Below are records. Copy every line with "mulmxA" in it.
:: Provided records
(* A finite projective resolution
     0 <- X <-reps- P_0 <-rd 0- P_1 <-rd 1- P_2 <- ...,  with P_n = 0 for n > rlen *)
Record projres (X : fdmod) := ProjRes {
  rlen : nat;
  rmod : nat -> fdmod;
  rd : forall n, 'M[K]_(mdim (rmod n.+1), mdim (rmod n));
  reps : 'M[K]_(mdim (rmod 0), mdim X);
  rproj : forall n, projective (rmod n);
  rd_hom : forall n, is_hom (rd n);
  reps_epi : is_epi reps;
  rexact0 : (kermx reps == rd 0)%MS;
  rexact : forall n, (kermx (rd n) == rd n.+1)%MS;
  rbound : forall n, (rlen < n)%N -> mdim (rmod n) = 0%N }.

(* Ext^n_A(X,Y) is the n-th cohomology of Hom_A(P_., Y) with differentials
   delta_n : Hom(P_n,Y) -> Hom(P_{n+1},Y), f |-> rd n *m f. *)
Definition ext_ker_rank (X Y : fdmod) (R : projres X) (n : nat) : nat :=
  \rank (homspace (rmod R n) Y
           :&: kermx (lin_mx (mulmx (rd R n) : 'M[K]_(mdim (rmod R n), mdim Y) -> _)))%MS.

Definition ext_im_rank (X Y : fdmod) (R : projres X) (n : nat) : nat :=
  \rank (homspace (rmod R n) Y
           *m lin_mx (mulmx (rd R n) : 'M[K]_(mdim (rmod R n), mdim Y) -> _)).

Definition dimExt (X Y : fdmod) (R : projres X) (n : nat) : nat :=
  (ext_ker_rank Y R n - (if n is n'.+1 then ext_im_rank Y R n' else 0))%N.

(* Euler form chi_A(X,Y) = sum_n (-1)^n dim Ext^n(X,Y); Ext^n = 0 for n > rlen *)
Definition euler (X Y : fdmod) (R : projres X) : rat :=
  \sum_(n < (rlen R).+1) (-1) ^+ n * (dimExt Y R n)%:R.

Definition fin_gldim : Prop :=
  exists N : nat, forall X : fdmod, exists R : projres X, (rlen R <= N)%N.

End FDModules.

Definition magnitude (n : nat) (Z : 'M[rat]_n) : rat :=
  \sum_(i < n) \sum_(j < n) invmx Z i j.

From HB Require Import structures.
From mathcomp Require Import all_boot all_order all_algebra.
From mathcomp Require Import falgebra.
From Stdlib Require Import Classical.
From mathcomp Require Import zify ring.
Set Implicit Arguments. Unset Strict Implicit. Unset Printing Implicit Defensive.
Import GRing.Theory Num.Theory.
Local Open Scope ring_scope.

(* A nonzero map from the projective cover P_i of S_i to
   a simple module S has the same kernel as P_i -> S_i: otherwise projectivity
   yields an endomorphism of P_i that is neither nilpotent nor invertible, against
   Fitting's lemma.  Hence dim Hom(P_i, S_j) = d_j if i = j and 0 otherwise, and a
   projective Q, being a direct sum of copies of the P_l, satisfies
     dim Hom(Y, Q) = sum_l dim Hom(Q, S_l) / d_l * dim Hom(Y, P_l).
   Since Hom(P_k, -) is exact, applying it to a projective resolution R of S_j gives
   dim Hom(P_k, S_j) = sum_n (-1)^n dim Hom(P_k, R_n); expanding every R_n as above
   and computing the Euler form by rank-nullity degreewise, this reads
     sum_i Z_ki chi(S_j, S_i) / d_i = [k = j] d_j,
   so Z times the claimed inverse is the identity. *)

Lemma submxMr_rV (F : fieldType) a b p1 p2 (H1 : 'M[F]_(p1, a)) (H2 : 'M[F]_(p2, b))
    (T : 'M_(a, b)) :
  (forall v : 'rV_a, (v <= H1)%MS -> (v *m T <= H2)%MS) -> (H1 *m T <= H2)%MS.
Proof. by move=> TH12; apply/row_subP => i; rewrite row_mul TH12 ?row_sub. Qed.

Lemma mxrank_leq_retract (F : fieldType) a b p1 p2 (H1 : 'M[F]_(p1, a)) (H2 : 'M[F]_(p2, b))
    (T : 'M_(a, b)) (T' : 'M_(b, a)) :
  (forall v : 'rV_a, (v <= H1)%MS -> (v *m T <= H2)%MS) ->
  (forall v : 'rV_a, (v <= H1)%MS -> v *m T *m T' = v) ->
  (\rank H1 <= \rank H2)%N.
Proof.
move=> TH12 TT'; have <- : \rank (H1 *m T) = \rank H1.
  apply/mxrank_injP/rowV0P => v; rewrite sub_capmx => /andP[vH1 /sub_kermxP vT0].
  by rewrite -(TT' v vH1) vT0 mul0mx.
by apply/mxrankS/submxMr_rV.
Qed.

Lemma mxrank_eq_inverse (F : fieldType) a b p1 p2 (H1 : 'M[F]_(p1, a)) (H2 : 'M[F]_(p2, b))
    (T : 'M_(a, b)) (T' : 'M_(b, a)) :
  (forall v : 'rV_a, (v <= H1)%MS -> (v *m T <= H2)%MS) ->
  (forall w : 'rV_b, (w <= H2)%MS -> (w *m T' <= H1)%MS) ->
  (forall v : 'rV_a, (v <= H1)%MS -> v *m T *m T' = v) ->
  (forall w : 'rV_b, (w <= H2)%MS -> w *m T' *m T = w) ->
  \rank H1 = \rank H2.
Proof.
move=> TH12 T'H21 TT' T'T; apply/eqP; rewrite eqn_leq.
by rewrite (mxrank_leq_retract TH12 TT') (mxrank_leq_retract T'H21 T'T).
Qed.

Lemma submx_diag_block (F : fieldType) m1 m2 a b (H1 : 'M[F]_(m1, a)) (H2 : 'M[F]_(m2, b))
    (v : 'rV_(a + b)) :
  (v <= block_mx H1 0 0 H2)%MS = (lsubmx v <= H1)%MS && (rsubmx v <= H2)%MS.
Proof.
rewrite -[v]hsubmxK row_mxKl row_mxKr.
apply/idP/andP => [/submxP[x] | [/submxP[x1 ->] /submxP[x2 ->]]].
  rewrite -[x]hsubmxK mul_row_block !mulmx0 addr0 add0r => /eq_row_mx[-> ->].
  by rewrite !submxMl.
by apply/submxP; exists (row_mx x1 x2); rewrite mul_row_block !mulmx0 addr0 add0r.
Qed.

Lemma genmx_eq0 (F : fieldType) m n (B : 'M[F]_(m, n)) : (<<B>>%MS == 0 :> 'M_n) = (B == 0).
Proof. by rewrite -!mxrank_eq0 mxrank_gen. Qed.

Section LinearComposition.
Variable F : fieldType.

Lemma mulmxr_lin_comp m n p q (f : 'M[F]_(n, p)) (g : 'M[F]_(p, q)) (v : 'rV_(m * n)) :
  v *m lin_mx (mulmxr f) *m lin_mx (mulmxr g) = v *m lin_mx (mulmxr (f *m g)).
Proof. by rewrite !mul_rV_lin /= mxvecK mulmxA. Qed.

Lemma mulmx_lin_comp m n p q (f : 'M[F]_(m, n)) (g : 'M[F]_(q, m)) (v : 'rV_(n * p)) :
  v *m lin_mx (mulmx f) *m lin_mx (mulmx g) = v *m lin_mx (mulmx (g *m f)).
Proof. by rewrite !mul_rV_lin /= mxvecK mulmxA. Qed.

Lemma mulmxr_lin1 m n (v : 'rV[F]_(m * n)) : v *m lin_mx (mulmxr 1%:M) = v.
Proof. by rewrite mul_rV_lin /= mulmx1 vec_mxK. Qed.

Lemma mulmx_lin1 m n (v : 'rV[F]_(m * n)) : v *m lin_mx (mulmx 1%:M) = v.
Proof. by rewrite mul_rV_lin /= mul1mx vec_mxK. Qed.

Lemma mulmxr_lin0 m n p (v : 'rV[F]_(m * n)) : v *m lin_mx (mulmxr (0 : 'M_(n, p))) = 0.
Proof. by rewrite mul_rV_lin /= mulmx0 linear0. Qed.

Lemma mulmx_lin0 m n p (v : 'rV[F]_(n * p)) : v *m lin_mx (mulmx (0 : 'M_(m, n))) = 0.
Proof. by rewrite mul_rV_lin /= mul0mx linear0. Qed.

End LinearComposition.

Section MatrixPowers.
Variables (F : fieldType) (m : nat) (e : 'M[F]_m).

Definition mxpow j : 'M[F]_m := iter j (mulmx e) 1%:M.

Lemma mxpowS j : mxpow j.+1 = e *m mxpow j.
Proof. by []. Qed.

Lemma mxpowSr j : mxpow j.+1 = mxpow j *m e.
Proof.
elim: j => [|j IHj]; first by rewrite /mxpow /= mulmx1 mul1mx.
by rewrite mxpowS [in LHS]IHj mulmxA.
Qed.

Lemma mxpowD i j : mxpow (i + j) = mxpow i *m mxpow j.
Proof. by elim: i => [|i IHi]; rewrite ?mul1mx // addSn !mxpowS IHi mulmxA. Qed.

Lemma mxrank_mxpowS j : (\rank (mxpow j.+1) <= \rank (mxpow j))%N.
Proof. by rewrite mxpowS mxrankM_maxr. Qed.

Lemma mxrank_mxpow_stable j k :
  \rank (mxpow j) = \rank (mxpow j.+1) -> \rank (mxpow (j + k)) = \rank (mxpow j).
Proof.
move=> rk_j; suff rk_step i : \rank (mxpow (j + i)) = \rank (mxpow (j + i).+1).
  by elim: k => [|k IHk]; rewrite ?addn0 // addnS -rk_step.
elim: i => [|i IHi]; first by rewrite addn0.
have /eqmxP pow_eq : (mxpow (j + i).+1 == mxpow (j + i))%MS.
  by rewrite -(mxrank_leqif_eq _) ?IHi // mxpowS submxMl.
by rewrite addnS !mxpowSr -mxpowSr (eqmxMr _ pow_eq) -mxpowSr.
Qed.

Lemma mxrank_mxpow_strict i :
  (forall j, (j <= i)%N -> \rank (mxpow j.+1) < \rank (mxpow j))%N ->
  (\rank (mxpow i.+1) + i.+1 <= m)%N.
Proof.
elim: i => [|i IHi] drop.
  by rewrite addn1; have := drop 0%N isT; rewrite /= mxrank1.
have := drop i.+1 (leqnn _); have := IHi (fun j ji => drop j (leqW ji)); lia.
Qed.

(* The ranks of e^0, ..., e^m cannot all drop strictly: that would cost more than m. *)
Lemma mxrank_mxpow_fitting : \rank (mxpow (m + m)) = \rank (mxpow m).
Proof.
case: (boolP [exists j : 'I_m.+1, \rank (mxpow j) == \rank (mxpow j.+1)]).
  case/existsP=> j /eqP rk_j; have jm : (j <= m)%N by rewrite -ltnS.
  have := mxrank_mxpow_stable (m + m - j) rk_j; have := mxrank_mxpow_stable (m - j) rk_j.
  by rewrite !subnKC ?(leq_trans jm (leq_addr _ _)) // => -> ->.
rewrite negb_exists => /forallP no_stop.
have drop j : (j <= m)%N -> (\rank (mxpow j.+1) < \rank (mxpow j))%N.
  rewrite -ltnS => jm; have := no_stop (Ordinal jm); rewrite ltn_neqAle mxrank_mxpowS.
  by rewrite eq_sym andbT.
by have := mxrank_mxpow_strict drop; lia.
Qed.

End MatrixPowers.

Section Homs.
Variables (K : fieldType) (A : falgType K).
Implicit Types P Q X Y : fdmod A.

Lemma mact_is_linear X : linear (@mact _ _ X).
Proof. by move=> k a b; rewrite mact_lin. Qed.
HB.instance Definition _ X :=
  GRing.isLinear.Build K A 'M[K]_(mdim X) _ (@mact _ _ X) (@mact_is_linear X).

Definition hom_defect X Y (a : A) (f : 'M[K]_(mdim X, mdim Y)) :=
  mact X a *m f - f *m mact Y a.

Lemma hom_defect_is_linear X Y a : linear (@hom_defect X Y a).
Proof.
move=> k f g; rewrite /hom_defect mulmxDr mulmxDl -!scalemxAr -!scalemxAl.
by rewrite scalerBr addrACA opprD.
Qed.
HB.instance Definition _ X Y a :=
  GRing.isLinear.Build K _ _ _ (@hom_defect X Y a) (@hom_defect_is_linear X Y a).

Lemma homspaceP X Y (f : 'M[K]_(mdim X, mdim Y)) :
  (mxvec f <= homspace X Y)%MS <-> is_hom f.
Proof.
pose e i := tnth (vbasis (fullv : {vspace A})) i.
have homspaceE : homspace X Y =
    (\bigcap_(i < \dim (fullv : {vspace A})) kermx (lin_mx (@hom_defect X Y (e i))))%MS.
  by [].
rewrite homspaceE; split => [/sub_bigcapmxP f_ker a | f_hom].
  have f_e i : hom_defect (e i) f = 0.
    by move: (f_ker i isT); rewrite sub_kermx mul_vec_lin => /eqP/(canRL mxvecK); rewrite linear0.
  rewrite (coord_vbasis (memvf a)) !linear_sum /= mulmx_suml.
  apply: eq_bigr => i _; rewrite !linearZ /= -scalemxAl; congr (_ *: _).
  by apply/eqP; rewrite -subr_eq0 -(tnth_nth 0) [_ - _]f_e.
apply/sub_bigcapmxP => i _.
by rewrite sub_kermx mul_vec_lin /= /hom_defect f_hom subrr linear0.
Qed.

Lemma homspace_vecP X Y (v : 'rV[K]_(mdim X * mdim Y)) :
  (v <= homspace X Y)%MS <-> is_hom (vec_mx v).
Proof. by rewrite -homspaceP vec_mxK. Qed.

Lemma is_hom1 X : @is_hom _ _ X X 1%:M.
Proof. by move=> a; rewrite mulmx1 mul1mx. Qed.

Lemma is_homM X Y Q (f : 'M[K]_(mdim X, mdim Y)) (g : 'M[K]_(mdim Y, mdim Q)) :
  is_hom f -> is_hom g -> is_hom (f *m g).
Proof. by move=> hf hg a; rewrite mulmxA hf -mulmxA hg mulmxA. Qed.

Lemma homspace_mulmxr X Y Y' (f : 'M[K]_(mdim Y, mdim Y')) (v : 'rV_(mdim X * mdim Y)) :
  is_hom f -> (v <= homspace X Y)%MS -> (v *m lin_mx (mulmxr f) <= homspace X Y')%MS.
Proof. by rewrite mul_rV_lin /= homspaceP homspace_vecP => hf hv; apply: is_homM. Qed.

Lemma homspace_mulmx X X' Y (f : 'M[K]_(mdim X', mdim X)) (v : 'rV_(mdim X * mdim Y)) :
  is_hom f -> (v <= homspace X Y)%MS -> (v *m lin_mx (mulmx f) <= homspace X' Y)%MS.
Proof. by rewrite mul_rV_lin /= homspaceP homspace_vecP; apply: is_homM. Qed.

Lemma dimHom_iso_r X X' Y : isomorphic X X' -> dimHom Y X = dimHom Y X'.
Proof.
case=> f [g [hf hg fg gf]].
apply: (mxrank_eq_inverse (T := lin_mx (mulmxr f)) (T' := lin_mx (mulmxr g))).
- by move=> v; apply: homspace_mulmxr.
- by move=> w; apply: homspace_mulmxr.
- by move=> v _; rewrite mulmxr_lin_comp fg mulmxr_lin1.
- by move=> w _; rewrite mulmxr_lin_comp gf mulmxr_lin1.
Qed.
::::
_Solution_
Proof. by rewrite !mul_rV_lin /= mxvecK mulmxA. Qed.
Proof. by rewrite !mul_rV_lin /= mxvecK mulmxA. Qed.
by rewrite mxpowS [in LHS]IHj mulmxA.
Proof. by elim: i => [|i IHi]; rewrite ?mul1mx // addSn !mxpowS IHi mulmxA. Qed.
Proof. by move=> hf hg a; rewrite mulmxA hf -mulmxA hg mulmxA. Qed.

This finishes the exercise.